[[ ENTRIES PROVIDED, beginning ]]
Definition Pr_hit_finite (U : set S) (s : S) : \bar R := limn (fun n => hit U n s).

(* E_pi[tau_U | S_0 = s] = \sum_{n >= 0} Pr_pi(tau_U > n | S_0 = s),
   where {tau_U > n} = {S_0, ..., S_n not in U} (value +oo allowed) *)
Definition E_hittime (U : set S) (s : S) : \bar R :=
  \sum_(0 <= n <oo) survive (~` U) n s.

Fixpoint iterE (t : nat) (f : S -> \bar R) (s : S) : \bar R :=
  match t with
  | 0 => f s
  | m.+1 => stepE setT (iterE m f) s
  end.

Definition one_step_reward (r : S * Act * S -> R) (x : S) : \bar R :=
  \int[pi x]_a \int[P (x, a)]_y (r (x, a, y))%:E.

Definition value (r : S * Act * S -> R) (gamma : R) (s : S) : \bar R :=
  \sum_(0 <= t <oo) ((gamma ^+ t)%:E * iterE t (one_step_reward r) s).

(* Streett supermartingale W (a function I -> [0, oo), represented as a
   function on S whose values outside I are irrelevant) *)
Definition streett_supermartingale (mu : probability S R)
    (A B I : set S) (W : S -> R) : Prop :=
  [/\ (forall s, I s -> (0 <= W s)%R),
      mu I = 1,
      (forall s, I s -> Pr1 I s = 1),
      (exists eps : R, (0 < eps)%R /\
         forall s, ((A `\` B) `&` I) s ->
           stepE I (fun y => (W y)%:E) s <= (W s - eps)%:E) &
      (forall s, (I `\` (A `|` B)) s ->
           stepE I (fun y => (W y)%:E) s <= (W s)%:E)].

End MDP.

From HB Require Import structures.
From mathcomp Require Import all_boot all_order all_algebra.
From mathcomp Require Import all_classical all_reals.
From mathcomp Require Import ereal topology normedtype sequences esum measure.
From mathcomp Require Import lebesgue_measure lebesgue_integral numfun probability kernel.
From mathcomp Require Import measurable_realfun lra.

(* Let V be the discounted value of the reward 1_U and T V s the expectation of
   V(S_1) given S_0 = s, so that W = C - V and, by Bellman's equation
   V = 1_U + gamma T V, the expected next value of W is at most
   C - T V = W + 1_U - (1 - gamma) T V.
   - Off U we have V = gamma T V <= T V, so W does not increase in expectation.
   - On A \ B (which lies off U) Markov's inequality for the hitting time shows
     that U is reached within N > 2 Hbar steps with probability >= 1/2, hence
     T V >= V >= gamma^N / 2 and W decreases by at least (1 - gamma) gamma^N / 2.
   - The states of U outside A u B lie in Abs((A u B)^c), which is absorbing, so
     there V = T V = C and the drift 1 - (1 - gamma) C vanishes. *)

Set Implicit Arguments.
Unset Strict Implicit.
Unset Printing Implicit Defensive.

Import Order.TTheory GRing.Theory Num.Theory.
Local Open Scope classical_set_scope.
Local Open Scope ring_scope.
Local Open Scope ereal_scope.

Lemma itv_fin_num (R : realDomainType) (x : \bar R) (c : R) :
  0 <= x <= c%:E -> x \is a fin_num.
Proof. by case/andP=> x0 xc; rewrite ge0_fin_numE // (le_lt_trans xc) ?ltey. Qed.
[[ ENTRIES PROVIDED, end ]]
[[ ENTRIES PROVIDED, beginning ]]
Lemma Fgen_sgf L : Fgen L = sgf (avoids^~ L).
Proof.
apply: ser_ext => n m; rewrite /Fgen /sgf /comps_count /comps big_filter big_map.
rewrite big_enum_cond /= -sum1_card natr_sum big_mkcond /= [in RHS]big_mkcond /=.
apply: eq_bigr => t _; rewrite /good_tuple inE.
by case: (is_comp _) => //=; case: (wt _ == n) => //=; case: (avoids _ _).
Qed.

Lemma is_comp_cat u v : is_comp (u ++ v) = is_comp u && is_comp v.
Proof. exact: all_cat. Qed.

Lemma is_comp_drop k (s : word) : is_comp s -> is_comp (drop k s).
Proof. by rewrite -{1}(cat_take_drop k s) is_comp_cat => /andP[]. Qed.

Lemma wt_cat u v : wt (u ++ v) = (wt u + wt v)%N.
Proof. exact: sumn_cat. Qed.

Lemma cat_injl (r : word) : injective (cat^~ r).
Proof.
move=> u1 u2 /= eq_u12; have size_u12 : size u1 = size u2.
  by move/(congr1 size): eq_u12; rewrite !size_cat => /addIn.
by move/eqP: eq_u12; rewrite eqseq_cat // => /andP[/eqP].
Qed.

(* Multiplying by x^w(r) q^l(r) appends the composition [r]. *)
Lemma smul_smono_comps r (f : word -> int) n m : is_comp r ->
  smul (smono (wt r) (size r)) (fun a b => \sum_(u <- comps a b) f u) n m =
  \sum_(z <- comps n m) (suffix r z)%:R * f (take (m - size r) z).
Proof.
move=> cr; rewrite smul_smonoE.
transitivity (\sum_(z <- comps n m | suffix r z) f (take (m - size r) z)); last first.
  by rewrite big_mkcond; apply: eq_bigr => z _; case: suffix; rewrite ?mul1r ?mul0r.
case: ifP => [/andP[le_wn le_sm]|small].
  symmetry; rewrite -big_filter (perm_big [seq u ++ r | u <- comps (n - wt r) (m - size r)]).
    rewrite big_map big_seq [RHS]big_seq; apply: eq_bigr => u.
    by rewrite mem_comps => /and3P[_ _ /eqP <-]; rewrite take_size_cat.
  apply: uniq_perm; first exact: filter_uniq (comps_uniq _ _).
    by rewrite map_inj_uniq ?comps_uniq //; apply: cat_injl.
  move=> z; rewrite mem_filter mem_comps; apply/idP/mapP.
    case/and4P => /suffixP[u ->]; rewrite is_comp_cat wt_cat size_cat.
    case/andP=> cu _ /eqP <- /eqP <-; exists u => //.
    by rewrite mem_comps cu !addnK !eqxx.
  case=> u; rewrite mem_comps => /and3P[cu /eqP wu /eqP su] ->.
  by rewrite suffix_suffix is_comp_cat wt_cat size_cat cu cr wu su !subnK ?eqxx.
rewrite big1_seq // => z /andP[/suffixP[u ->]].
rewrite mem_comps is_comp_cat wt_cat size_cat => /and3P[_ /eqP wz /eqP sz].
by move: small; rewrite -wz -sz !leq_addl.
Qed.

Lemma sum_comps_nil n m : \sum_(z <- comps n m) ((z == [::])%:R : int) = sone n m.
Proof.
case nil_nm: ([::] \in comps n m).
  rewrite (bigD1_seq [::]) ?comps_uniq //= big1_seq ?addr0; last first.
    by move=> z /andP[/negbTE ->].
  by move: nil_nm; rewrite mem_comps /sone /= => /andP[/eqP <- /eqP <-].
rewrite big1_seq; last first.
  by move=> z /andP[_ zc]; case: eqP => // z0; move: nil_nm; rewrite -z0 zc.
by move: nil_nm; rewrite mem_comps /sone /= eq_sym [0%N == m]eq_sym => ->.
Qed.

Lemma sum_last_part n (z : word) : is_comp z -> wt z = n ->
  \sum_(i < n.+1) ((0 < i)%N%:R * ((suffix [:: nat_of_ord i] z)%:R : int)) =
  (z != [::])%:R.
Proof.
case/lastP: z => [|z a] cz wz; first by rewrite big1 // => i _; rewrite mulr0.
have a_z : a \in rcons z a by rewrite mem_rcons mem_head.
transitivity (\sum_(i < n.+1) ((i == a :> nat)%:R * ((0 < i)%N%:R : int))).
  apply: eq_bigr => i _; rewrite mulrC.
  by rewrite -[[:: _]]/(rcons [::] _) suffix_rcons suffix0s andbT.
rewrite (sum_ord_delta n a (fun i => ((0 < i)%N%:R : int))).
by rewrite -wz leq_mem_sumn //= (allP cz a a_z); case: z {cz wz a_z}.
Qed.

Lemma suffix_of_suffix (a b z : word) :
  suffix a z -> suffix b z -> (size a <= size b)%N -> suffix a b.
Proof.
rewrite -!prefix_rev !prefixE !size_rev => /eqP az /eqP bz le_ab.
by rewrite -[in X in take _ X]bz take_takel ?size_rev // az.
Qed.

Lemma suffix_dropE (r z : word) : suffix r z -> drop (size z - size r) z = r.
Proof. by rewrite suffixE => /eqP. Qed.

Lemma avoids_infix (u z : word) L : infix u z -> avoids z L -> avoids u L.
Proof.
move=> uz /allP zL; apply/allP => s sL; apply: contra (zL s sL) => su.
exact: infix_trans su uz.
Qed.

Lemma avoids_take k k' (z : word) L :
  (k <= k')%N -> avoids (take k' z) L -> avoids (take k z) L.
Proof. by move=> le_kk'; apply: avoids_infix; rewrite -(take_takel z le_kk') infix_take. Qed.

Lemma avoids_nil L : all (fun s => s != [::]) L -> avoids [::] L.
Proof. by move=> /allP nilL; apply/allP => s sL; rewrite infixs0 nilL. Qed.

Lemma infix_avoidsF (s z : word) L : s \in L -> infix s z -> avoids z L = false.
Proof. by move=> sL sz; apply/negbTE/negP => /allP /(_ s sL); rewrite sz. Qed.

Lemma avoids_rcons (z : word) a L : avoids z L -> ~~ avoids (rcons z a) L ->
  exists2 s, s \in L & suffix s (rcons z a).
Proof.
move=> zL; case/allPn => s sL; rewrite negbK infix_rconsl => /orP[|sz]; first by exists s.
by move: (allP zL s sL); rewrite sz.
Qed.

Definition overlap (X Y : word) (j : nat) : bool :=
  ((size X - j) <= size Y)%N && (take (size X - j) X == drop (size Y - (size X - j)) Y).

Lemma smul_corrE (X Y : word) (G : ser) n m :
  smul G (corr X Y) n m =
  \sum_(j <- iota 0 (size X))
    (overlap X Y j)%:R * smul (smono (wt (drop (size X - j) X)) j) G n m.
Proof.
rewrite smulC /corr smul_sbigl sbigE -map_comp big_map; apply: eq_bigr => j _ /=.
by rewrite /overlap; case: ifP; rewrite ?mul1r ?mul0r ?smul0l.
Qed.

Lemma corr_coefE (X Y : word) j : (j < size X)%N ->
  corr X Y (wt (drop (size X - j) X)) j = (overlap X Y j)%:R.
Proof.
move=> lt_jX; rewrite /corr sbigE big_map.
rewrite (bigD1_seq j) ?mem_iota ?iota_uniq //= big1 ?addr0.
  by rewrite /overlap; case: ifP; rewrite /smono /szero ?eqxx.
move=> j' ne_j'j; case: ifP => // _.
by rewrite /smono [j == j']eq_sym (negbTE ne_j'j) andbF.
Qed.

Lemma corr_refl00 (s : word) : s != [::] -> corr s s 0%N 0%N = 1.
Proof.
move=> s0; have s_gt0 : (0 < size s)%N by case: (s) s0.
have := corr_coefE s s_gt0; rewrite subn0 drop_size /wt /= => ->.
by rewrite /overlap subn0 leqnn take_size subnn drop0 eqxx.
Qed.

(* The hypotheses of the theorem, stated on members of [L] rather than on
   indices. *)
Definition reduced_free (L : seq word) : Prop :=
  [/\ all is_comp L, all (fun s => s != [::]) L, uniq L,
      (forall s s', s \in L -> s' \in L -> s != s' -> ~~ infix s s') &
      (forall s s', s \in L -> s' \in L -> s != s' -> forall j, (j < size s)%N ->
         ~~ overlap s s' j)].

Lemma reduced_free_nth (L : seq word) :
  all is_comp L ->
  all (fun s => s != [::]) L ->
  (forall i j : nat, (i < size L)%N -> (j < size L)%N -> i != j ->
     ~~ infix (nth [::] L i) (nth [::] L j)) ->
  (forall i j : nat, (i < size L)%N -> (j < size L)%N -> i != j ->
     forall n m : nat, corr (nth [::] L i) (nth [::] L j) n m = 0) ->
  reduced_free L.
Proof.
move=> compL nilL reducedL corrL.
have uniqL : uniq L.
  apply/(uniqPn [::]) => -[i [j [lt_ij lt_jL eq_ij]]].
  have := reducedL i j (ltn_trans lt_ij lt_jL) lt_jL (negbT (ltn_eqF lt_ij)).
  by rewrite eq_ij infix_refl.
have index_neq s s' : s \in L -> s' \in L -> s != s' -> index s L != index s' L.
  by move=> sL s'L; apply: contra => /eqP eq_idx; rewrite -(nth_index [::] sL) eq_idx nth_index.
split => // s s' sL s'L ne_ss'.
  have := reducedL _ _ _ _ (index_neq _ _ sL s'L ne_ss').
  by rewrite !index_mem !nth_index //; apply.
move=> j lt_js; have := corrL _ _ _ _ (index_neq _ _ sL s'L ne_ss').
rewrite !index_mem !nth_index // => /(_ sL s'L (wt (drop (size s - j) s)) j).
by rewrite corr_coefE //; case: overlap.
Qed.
[[ ENTRIES PROVIDED, end ]]
## ABOUT THIS EXERCISE
Return, unchanged, the run of lines above that opens with the line containing "Definition Pr_hit_finite (U" and closes with the line containing "- On A \ B (which". Include both.

## RESPONSE TO THE TASK
Definition Pr_hit_finite (U : set S) (s : S) : \bar R := limn (fun n => hit U n s).

(* E_pi[tau_U | S_0 = s] = \sum_{n >= 0} Pr_pi(tau_U > n | S_0 = s),
   where {tau_U > n} = {S_0, ..., S_n not in U} (value +oo allowed) *)
Definition E_hittime (U : set S) (s : S) : \bar R :=
  \sum_(0 <= n <oo) survive (~` U) n s.

Fixpoint iterE (t : nat) (f : S -> \bar R) (s : S) : \bar R :=
  match t with
  | 0 => f s
  | m.+1 => stepE setT (iterE m f) s
  end.

Definition one_step_reward (r : S * Act * S -> R) (x : S) : \bar R :=
  \int[pi x]_a \int[P (x, a)]_y (r (x, a, y))%:E.

Definition value (r : S * Act * S -> R) (gamma : R) (s : S) : \bar R :=
  \sum_(0 <= t <oo) ((gamma ^+ t)%:E * iterE t (one_step_reward r) s).

(* Streett supermartingale W (a function I -> [0, oo), represented as a
   function on S whose values outside I are irrelevant) *)
Definition streett_supermartingale (mu : probability S R)
    (A B I : set S) (W : S -> R) : Prop :=
  [/\ (forall s, I s -> (0 <= W s)%R),
      mu I = 1,
      (forall s, I s -> Pr1 I s = 1),
      (exists eps : R, (0 < eps)%R /\
         forall s, ((A `\` B) `&` I) s ->
           stepE I (fun y => (W y)%:E) s <= (W s - eps)%:E) &
      (forall s, (I `\` (A `|` B)) s ->
           stepE I (fun y => (W y)%:E) s <= (W s)%:E)].

End MDP.

From HB Require Import structures.
From mathcomp Require Import all_boot all_order all_algebra.
From mathcomp Require Import all_classical all_reals.
From mathcomp Require Import ereal topology normedtype sequences esum measure.
From mathcomp Require Import lebesgue_measure lebesgue_integral numfun probability kernel.
From mathcomp Require Import measurable_realfun lra.

(* Let V be the discounted value of the reward 1_U and T V s the expectation of
   V(S_1) given S_0 = s, so that W = C - V and, by Bellman's equation
   V = 1_U + gamma T V, the expected next value of W is at most
   C - T V = W + 1_U - (1 - gamma) T V.
   - Off U we have V = gamma T V <= T V, so W does not increase in expectation.
   - On A \ B (which lies off U) Markov's inequality for the hitting time shows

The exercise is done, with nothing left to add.